Write out an exact copy of the line with "From Stdlib Require" and of each line after it, through the end of the records below.

(Dataset entries)
+-------+

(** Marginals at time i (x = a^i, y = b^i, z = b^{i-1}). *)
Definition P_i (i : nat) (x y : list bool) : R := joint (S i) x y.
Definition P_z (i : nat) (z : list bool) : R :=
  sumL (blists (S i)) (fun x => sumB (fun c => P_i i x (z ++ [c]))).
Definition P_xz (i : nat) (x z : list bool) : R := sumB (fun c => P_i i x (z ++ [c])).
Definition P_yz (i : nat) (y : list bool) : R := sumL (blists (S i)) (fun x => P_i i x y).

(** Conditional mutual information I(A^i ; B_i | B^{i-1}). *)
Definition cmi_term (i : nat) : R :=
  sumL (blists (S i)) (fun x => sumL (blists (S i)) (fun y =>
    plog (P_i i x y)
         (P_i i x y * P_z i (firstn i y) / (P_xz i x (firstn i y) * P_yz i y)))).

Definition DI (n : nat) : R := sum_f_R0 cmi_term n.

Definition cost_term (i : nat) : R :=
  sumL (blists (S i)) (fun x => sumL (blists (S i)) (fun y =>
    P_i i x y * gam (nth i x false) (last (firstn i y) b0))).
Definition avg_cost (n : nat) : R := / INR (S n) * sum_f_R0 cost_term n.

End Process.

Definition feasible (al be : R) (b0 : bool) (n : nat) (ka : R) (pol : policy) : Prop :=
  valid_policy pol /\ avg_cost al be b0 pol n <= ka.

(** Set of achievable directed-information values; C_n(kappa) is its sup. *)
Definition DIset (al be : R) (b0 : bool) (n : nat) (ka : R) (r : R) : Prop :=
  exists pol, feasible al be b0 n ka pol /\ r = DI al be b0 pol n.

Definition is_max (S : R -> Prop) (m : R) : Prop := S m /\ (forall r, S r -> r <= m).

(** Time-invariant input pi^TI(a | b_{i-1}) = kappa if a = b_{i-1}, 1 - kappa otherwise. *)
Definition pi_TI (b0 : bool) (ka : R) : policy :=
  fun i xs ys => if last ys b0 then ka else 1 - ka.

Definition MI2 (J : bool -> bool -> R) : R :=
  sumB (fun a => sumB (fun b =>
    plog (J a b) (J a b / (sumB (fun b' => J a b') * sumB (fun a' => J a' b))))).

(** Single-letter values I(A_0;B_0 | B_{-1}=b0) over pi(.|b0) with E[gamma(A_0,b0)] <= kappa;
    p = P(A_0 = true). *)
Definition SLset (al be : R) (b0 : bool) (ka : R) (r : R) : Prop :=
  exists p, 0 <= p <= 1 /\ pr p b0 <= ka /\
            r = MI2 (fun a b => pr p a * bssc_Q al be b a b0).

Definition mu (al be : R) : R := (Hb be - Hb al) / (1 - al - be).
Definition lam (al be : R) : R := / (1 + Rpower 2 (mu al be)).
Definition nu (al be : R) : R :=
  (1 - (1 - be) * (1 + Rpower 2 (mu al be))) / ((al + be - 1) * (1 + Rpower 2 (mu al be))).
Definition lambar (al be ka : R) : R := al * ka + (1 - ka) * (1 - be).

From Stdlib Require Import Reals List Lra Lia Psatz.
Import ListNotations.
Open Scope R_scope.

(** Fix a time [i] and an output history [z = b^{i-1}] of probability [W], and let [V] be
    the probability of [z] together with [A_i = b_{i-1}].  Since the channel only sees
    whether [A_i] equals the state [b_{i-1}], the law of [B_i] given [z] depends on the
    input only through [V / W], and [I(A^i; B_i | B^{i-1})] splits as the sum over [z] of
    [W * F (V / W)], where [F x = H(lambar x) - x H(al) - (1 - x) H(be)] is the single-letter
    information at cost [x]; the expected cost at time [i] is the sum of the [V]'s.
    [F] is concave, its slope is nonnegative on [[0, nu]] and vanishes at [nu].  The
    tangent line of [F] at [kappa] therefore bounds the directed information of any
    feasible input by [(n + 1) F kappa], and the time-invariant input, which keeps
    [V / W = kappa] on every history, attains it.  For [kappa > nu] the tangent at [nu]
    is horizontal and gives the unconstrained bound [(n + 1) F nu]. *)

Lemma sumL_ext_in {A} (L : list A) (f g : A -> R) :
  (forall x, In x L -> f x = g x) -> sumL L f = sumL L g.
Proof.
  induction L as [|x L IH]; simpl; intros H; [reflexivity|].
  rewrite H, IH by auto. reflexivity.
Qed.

+-------+

- ANSWER FOR THIS EXERCISE:
From Stdlib Require Import Reals List Lra Lia Psatz.
Import ListNotations.
Open Scope R_scope.

(** Fix a time [i] and an output history [z = b^{i-1}] of probability [W], and let [V] be
    the probability of [z] together with [A_i = b_{i-1}].  Since the channel only sees
    whether [A_i] equals the state [b_{i-1}], the law of [B_i] given [z] depends on the
    input only through [V / W], and [I(A^i; B_i | B^{i-1})] splits as the sum over [z] of
    [W * F (V / W)], where [F x = H(lambar x) - x H(al) - (1 - x) H(be)] is the single-letter
    information at cost [x]; the expected cost at time [i] is the sum of the [V]'s.
    [F] is concave, its slope is nonnegative on [[0, nu]] and vanishes at [nu].  The
    tangent line of [F] at [kappa] therefore bounds the directed information of any
    feasible input by [(n + 1) F kappa], and the time-invariant input, which keeps
    [V / W = kappa] on every history, attains it.  For [kappa > nu] the tangent at [nu]
    is horizontal and gives the unconstrained bound [(n + 1) F nu]. *)

Lemma sumL_ext_in {A} (L : list A) (f g : A -> R) :
  (forall x, In x L -> f x = g x) -> sumL L f = sumL L g.
Proof.
  induction L as [|x L IH]; simpl; intros H; [reflexivity|].
  rewrite H, IH by auto. reflexivity.
Qed.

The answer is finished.